Nazım birimi ve sayısı
:Dörtlüklerden oluşmuş olup 7 tanedir.
Uyak düzeni
: aaaa, bbba, ccca, ddda, eeea, fffa, ggga şeklindedir.
Şairin mahlasının bulunduğu dörtlük : Yedinci dörtlüktür.
Fuzûlî şîve-i ihsanın ister bir gedâyındır Dirildikçe seg-i kuyun ölende hâk-i
payındır Gerek öldür gerek ko hükm hükmün rây rayındır Gözüm canım efendim
sevdiğim devletlü sultânım
c. Okuduğunuz şiirin, hakkında bilgi
edindiğiniz murabbanın özellikleriyle benzerlik gösterip göstermediğini
belirtiniz. c. Murabba ile birebir özellik göstermektedir.
ç.
Okuduğunuz murabbada dörtlüklerin temalarını aşağıdaki şema üzerine yazınız.
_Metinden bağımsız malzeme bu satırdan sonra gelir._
Lemma in_nclosure_conj_cat (S : word X -> Prop) e w :
  S e.1.2 -> in_nclosure S w -> in_nclosure S (conj_word e ++ w).
Proof.
move=> he [s [hs E]]; exists (e :: s); split; last exact: reduce_catr.
by move=> e'; rewrite inE => /orP [/eqP -> | /hs].
Qed.

Lemma reduce_conj_word_cancel u x b w :
  reduce (conj_word (u, x ++ winv x, b) ++ w) = reduce w.
Proof.
have -> : conj_word (u, x ++ winv x, b) = u ++ x ++ winv x ++ winv u.
  by rewrite /conj_word /=; case: b; rewrite ?winv_cat ?winvK -!catA.
by rewrite -!catA reduce_cat reduce_cancel_winv -reduce_cat reduce_cancel_winv.
Qed.

End FreeReduction.

Section Endomorphism.
Variables (A : Type) (phi : A -> word A).
Local Notation phin k := (iter k (phiw phi)).

Lemma phiw_cat u v : phiw phi (u ++ v) = phiw phi u ++ phiw phi v.
Proof. by rewrite /phiw map_cat flatten_cat. Qed.

Lemma phiw_winv w : phiw phi (winv w) = winv (phiw phi w).
Proof.
elim: w => [//|[a b] w IH].
rewrite winv_cons phiw_cat IH -cat1s phiw_cat winv_cat; congr (_ ++ _).
by rewrite /phiw /= !cats0; case: b => //=; rewrite winvK.
Qed.

Lemma iter_phiw_nil k : phin k [::] = [::].
Proof. by elim: k => //= k ->. Qed.

Lemma iter_phiw_cat k u v : phin k (u ++ v) = phin k u ++ phin k v.
Proof. by elim: k => //= k ->; rewrite phiw_cat. Qed.

Lemma iter_phiw_winv k w : phin k (winv w) = winv (phin k w).
Proof. by elim: k => //= k ->; rewrite phiw_winv. Qed.

End Endomorphism.

Section Levels.
Variable A : Type.
Implicit Types (x : word A) (l : option A * bool) (u v w : word (option A)).

Lemma lift_cat x y : lift (x ++ y) = lift x ++ lift y.
Proof. by rewrite /lift map_cat. Qed.

Lemma lift_winv x : lift (winv x) = winv (lift x).
Proof. by rewrite /lift /winv map_rev -!map_comp; congr rev; apply: eq_map => -[]. Qed.

Definition tstep l : int := if l.1 is None then (if l.2 then 1 else -1) else 0.

Definition tpow (n : nat) : word (option A) := nseq n (tlet true A).
Definition tpowV (n : nat) : word (option A) := nseq n (tlet false A).

Lemma tsum_nil : tsum ([::] : word (option A)) = 0.
Proof. by rewrite /tsum big_nil. Qed.

Lemma tsum_cons l w : tsum (l :: w) = tstep l + tsum w.
Proof. by rewrite /tsum big_cons. Qed.

Lemma tsum_cat u v : tsum (u ++ v) = tsum u + tsum v.
Proof. by rewrite /tsum big_cat. Qed.

Lemma tstep_inv l : tstep (inv_letter l) = - tstep l.
Proof. by case: l => [[a|] [|]]; rewrite /tstep /= ?oppr0 ?opprK. Qed.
Daha sonra da murabbanın temasını ilgili bölüme not ediniz. Dörtlüklerin ve
murabbanın teması arasındaki ilişkiyi açıklayınız. ç.
1.
dörtlüğün teması: Sevgiliye sitem
2. dörtlüğün
teması: Sevgiliye sitem
3. dörtlüğün teması: Sevgiliye
sitem
4. dörtlüğün teması: Sevgiliye sitem
5. dörtlüğün
teması: Sevgiliye sitem
6. dörtlüğün teması: Sevgiliye
sitem
7. dörtlüğün teması: Sevgiliye sitem
Murabbanın
teması: Sevgiliye sitem
• Yukarıdaki şemadan hareketle “Şiiri
meydana getiren birimlerin ortak paydası temadır.” denilebilir mi? Tartışınız
ulaşılan sonucu belirtiniz. • Ortak bir paydada
buluşmuşlardır.
4. XVI. yüzyılın güçlü sesi Fuzûlî, murabbada coşkuyla
yaşadığı aşkını ve tutkunu olduğu sevgilisini anlatıyor. XVI. yüzyıl şairi
Bakî’nin daha önce okuduğunuz gazelini ve Fuzûlî’nin murabbasını tema ve
söyleyiş yönünden karşılaştırınız. Buradan hareketle XVI. yüzyılda Osmanlı
Devleti’nin yapısıyla o dönem şiirinin söyleyiş özelliği (coşkulu, kendine
güvenen sesi) arasında nasıl bir bağlantı olduğunu açıklayınız. 4. Her
ikisi de aşkı anlatmaktadır. Her ikisi de din dışı konularda yazmışlardır.
Osmanlı yapısıyla ilgisi vardır. Bu dönemde Osmanlı gücünün ve kuvvetinin zirve
noktasındadır. Artık devlet ilerleyebileceği bütün sınırlara ilerlemiş, devlet
erkanından bütün halka kadar hepsinde kendine güvenleri gelmiş ve bu güven
edebiyattan sanata, kültürden sosyal ve ekonomik hayata kadar kendini
hissettirmiştir. Bu dönemde tema olarak kullanılan konularda genelde din dışı
konulardır ki bu iki şairin dışında da bu temayı çok rahat şekilde
görebilmekteyiz.
5. Fuzûlî’nin birinci dörtlükte dile getirdiği
duyguyu açıklayınız. Bu duyguyu hangi kelimelerle belirttiğini söyleyiniz.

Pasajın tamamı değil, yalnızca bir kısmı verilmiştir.